On Fri, 2020-01-10 at 23:19 +0000, Al Viro wrote:
> On Fri, Jan 03, 2020 at 01:49:01AM +0000, Al Viro wrote:
> > On Thu, Jan 02, 2020 at 02:59:20PM +1100, Aleksa Sarai wrote:
> > > On 2020-01-01, Al Viro <viro@xxxxxxxxxxxxxxxxxx> wrote:
> > > > On Thu, Jan 02, 2020 at 01:44:07AM +1100, Aleksa Sarai wrote:
> > > >
> > > > > Thanks, this fixes the issue for me (and also fixes another
> > > > > reproducer I
> > > > > found -- mounting a symlink on top of itself then trying to
> > > > > umount it).
> > > > >
> > > > > Reported-by: Aleksa Sarai <cyphar@xxxxxxxxxx>
> > > > > Tested-by: Aleksa Sarai <cyphar@xxxxxxxxxx>
> > > >
> > > > Pushed into #fixes.
> > >
> > > Thanks. One other thing I noticed is that umount applies to the
> > > underlying symlink rather than the mountpoint on top. So, for
> > > example
> > > (using the same scripts I posted in the thread):
> > >
> > > # ln -s /tmp/foo link
> > > # ./mount_to_symlink /etc/passwd link
> > > # umount -l link # will attempt to unmount "/tmp/foo"
> > >
> > > Is that intentional?
> >
> > It's a mess, again in mountpoint_last(). FWIW, at some point I
> > proposed
> > to have nd_jump_link() to fail with -ELOOP if the target was a
> > symlink;
> > Linus asked for reasons deeper than my dislike of the semantics, I
> > looked
> > around and hadn't spotted anything. And there hadn't been at the
> > time,
> > but when four months later umount_lookup_last() went in I failed to
> > look
> > for that source of potential problems in it ;-/
>
> FWIW, since Ian appears to agree that we want ->d_manage() on the
> mount
> crossing at the end of umount(2) lookup, here's a much simpler
> solution -
> kill mountpoint_last() and switch to using lookup_last().

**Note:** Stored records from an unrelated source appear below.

(** * Convergence of [tau_(n,k)] *)

Lemma cheb_deriv_series_unif k r : 0 <= r -> forall eps, 0 < eps ->
  exists N, forall n, (N <= n)%nat -> forall s, Rabs s <= r ->
    Rabs (PSeries (cheb_deriv_coef k n) s - phi (INR k + / 2) s) <= eps /\
    Rabs (PSeries (PS_derive (cheb_deriv_coef k n)) s - dphi (INR k + / 2) s) <= eps.
Proof.
  intros Hr eps Heps. set (b := INR k + / 2). assert (Hb : 0 < b) by (unfold b; pose proof (pos_INR k); lra).
  assert (Hdom : forall a, CV_radius a = p_infty -> ex_series (fun m => Rabs (a m) * r ^ m)).
  { intros a Ha. apply (ex_series_ext (fun m => Rabs (a m * r ^ m))).
    - intros m. rewrite Rabs_mult, (Rabs_pos_eq (r ^ m)); [easy|now apply pow_le].
    - apply CV_disk_inside. now rewrite Ha. }
  (* shifting [n] by [k + 1] ensures [k < n], hence [1 <= n] *)
  destruct (PSeries_tannery (fun n m => cheb_deriv_coef k (n + S k) m) (phi_coef b)
    (fun m => Rabs (phi_coef b m)) r Hr) with (eps := eps) as [N1 HN1]; auto.
  { intros m. apply (is_lim_seq_incr_n (fun n => cheb_deriv_coef k n m)), is_lim_seq_cheb_deriv_coef. }
  { intros n m. apply cheb_deriv_coef_le_phi_coef; lia. }
  { apply Hdom, CV_radius_phi_coef, Hb. }
  destruct (PSeries_tannery (fun n m => PS_derive (cheb_deriv_coef k (n + S k)) m) (PS_derive (phi_coef b))
    (fun m => Rabs (PS_derive (phi_coef b) m)) r Hr) with (eps := eps) as [N2 HN2]; auto.
  { intros m. unfold PS_derive. apply (is_lim_seq_scal_l _ (INR (S m)) (phi_coef b (S m))).
    apply (is_lim_seq_incr_n (fun n => cheb_deriv_coef k n (S m))), is_lim_seq_cheb_deriv_coef. }
  { intros n m. unfold PS_derive. rewrite !Rabs_mult.
    apply Rmult_le_compat_l; [apply Rabs_pos|apply cheb_deriv_coef_le_phi_coef; lia]. }
  { apply Hdom. rewrite CV_radius_derive. apply CV_radius_phi_coef, Hb. }
  exists (Nat.max N1 N2 + S k)%nat. intros n Hn s Hs.
  replace n with ((n - S k) + S k)%nat by lia.
  split; [apply HN1|apply HN2]; auto; lia.
Qed.

Lemma cheb_deriv_S_root_iff k n x : (1 <= n)%nat -> (k <= n)%nat ->
  Derive_n (ChebT n) (S k) x = 0 <-> PSeries (PS_derive (cheb_deriv_coef k n)) (cheb_scale n x) = 0.
Proof.
  intros Hn Hkn. rewrite Derive_n_S_ChebT_scaled by easy.
  pose proof (cheb_deriv_1_pos k n Hkn). pose proof (lt_0_INR n ltac:(lia)).
  assert (cheb_deriv_1 k n * (- (INR n * INR n) / 2) <> 0)
    by (apply Rmult_integral_contrapositive; split; nra).
  split; [intros Hz; now apply Rmult_integral in Hz as [|]|intros ->; ring].
Qed.

Lemma cheb_tau_scaled k n : (1 <= n)%nat -> (k <= n)%nat ->
  cheb_tau n k = Rabs (PSeries (cheb_deriv_coef k n) (cheb_scale n (cheb_omega n k))).
Proof.
  intros Hn Hkn. unfold cheb_tau. rewrite !Derive_n_ChebT_scaled by easy.
  replace (cheb_scale n 1) with 0 by (unfold cheb_scale; field).
  rewrite PSeries_0, Rabs_mult. simpl cheb_deriv_coef.
  pose proof (cheb_deriv_1_pos k n Hkn). rewrite Rabs_pos_eq by lra. field. lra.
Qed.

Lemma Lub_Rbar_between (Z : R -> Prop) xz xb : Z xz -> (forall x, Z x -> x <= xb) ->
  exists w, Lub_Rbar Z = Finite w /\ xz <= w <= xb.
Proof.
  intros Hz Hub. destruct (Lub_Rbar_correct Z) as [HL1 HL2].
  specialize (HL1 xz Hz). specialize (HL2 xb Hub).
  destruct (Lub_Rbar Z) as [w| |]; simpl in HL1, HL2; try easy. now exists w.
Qed.

Lemma cheb_scale_inv n s : (1 <= n)%nat -> cheb_scale n (1 - 2 * s / (INR n * INR n)) = s.
Proof. intros Hn. pose proof (lt_0_INR n ltac:(lia)). unfold cheb_scale. field. lra. Qed.

Lemma cheb_scale_decreasing n x y : (1 <= n)%nat -> x < y -> cheb_scale n y < cheb_scale n x.
Proof.
  intros Hn Hxy. pose proof (lt_0_INR n ltac:(lia)). unfold cheb_scale.
  apply Rmult_lt_compat_r; [lra|]. apply Rmult_lt_compat_r; nra.
Qed.

(* the largest root of [T_n^(k+1)] is the smallest root of the scaled derivative series *)
Lemma cheb_omega_scaled_between k n lo hi : (1 <= n)%nat -> (k <= n)%nat ->
  (forall s, s <= lo -> PSeries (PS_derive (cheb_deriv_coef k n)) s < 0) ->
  0 < PSeries (PS_derive (cheb_deriv_coef k n)) hi ->
  lo <= cheb_scale n (cheb_omega n k) <= hi.
Proof.
  intros Hn Hkn Hlo Hhi. set (G := PSeries (PS_derive (cheb_deriv_coef k n))).
  assert (HG : continuity G).
  { intros x. apply PSeries_continuity. rewrite CV_radius_derive, CV_radius_cheb_deriv_coef by easy. easy. }
  assert (Hlohi : lo < hi) by (apply Rnot_le_lt; intros Hle; specialize (Hlo hi Hle); unfold G in *; lra).
  destruct (IVT G lo hi HG Hlohi (Hlo lo (Rle_refl _)) Hhi) as [z [Hz Gz]].
  set (xz := 1 - 2 * z / (INR n * INR n)). set (xb := 1 - 2 * lo / (INR n * INR n)).
  destruct (Lub_Rbar_between (fun x => Derive_n (ChebT n) (S k) x = 0) xz xb) as [w [Hw Hwb]].
  - apply cheb_deriv_S_root_iff; [easy|easy|]. unfold xz. now rewrite cheb_scale_inv.
  - intros x Hx%cheb_deriv_S_root_iff; [|easy|easy]. apply Rnot_lt_le. intros Hlt.
    apply (cheb_scale_decreasing n) in Hlt; [|easy]. unfold xb in Hlt. rewrite cheb_scale_inv in Hlt by easy.
    specialize (Hlo _ (Rlt_le _ _ Hlt)). unfold G in *. lra.
  - unfold cheb_omega. rewrite Hw. simpl.
    assert (cheb_scale n xb <= cheb_scale n w).
    { destruct (Rle_lt_or_eq_dec w xb (proj2 Hwb)) as [Hlt|Heq];
        [left; now apply cheb_scale_decreasing|rewrite Heq; lra]. }
    assert (cheb_scale n w <= cheb_scale n xz).
    { destruct (Rle_lt_or_eq_dec xz w (proj1 Hwb)) as [Hlt|Heq];
        [left; now apply cheb_scale_decreasing|rewrite Heq; lra]. }
    unfold xb, xz in *. rewrite !cheb_scale_inv in * by easy. lra.
Qed.

Section TauLimit.

Variable k : nat.

Let b := INR k + / 2.

Variables s0 d0 : R.
Hypothesis s0_pos : 0 < s0.
Hypothesis dphi_neg_before : forall s, 0 <= s < s0 -> dphi b s < 0.
Hypothesis d0_pos : 0 < d0.
Hypothesis dphi_pos_after : forall s, s0 < s <= s0 + d0 -> 0 < dphi b s.

Lemma cheb_omega_scaled_near dl : 0 < dl -> dl <= d0 -> dl <= s0 / 2 ->
  exists N, forall n, (N <= n)%nat -> s0 - dl <= cheb_scale n (cheb_omega n k) <= s0 + dl.
Proof.
  intros Hdl Hdl0 Hdls.
  assert (Hb : 0 < b) by (unfold b; pose proof (pos_INR k); lra).
  destruct (continuity_ab_maj (dphi b) 0 (s0 - dl) ltac:(lra) (fun c _ => continuity_dphi b Hb c))
    as [xM [HxM HxM0]].
  set (m0 := - dphi b xM). assert (0 < m0) by (unfold m0; pose proof (dphi_neg_before xM ltac:(lra)); lra).
  assert (Hhi : 0 < dphi b (s0 + dl)) by (apply dphi_pos_after; lra).
  set (e := Rmin (m0 / 2) (dphi b (s0 + dl) / 2)).
  assert (He : 0 < e) by (apply Rmin_glb_lt; lra).
  assert (e <= m0 / 2) by apply Rmin_l. assert (e <= dphi b (s0 + dl) / 2) by apply Rmin_r.
  destruct (cheb_deriv_series_unif k (s0 + dl) ltac:(lra) e He) as [N HN].
  exists (Nat.max N (S k)). intros n Hn.
  apply cheb_omega_scaled_between; [lia|lia| |].
  - intros s Hs. destruct (Rle_lt_dec s 0); [apply PSeries_derive_cheb_deriv_coef_neg; [lia|easy]|].
    destruct (HN n ltac:(lia) s ltac:(apply Rabs_le; lra)) as [_ Hd].
    specialize (HxM s ltac:(lra)). apply Rabs_le_between' in Hd. fold b in Hd. unfold m0 in *. lra.
  - destruct (HN n ltac:(lia) (s0 + dl) ltac:(apply Rabs_le; lra)) as [_ Hd].
    apply Rabs_le_between' in Hd. fold b in Hd. lra.
Qed.

Lemma cheb_tau_near eps : 0 < eps ->
  exists N, forall n, (N <= n)%nat -> Rabs (cheb_tau n k - Rabs (phi b s0)) < eps.
Proof.
  intros Heps. assert (Hb : 0 < b) by (unfold b; pose proof (pos_INR k); lra).
  destruct (continuity_pt_ball (phi b) s0 (continuity_phi b Hb s0) (eps / 2)) as [d1 [Hd1 Hc]]; [lra|].
  set (dl := Rmin (d1 / 2) (Rmin d0 (s0 / 2))).
  assert (Hdl : 0 < dl) by (repeat apply Rmin_glb_lt; lra).
  assert (Hdl1 : dl <= d1 / 2) by apply Rmin_l.
  assert (Hdl2 : dl <= d0) by (eapply Rle_trans; [apply Rmin_r|apply Rmin_l]).
  assert (Hdl3 : dl <= s0 / 2) by (eapply Rle_trans; [apply Rmin_r|apply Rmin_r]).
  destruct (cheb_omega_scaled_near dl Hdl Hdl2 Hdl3) as [N1 HN1].
  destruct (cheb_deriv_series_unif k (2 * s0) ltac:(lra) (eps / 2) ltac:(lra)) as [N2 HN2].
  exists (Nat.max (Nat.max N1 N2) (S k)). intros n Hn.
  rewrite cheb_tau_scaled by lia. set (sw := cheb_scale n (cheb_omega n k)).
  specialize (HN1 n ltac:(lia)). fold sw in HN1.
  destruct (HN2 n ltac:(lia) sw ltac:(apply Rabs_le; lra)) as [Happrox _].
  specialize (Hc sw ltac:(apply Rabs_lt_between'; lra)).
  eapply Rle_lt_trans; [apply Rabs_triang_inv2|].
  replace (PSeries (cheb_deriv_coef k n) sw - phi b s0) with
    ((PSeries (cheb_deriv_coef k n) sw - phi b sw) + (phi b sw - phi b s0)) by ring.
  eapply Rle_lt_trans; [apply Rabs_triang|]. fold b in Happrox. lra.
Qed.

End TauLimit.

Theorem lemma6p1 (k : nat) (hk : (1 <= k)%nat) :
  let nu := INR k - / 2 in
  exists j : R,
    first_pos_zero (BesselJ (nu + 1)) j /\
    is_lim_seq (fun n => cheb_tau n k)
      (Finite (Gamma (nu + 1) * Rpower (j / 2) (- nu) * Rabs (BesselJ nu j))).
Proof.
  intros nu. assert (Hb : 0 < INR k + / 2) by (pose proof (pos_INR k); lra).
  destruct (dphi_first_pos_root k hk) as [s0 [Hs0 [Hz Hneg]]].
  pose proof (phi_at_first_pos_root_neg k hk s0 Hs0 Hz Hneg) as Hphi.
  destruct (dphi_pos_right_of_root _ Hb s0 Hs0 Hz Hphi) as [d0 [Hd0 Hpos]].
  pose proof (sqrt_lt_R0 s0 Hs0).
  exists (2 * sqrt s0). split; [now apply BesselJ_half_integer_S_first_pos_zero|].
  replace (nu + 1) with (INR k + / 2) by (unfold nu; field).
  rewrite BesselJ_half_integer_normalized by (easy || lra).
  replace ((2 * sqrt s0 / 2) ^ 2) with s0 by (rewrite <- (pow2_sqrt s0) at 1 by lra; f_equal; field).
  apply is_lim_seq_spec. intros eps.
  exact (cheb_tau_near k s0 d0 Hs0 Hneg Hd0 Hpos eps (cond_pos eps)).
Qed.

As a side
> benefit, LOOKUP_NO_REVAL also goes away. It's possible to trim the
> things even more (path_mountpoint() is very similar to
> path_lookupat()
> at that point, and it's not hard to make the differences conditional
> on
> something like LOOKUP_UMOUNT); I would rather do that part in the
> cleanups series - the one below is easier to backport.
>
> Aleksa, Ian - could you see if the patch below works for you?

I did try this patch and I was trying to work out why it didn't
work. But thought I'd let you know what I saw.

Applying it to current Linus tree systemd stops at switch root.

Not sure what causes that, I couldn't see any reason for it.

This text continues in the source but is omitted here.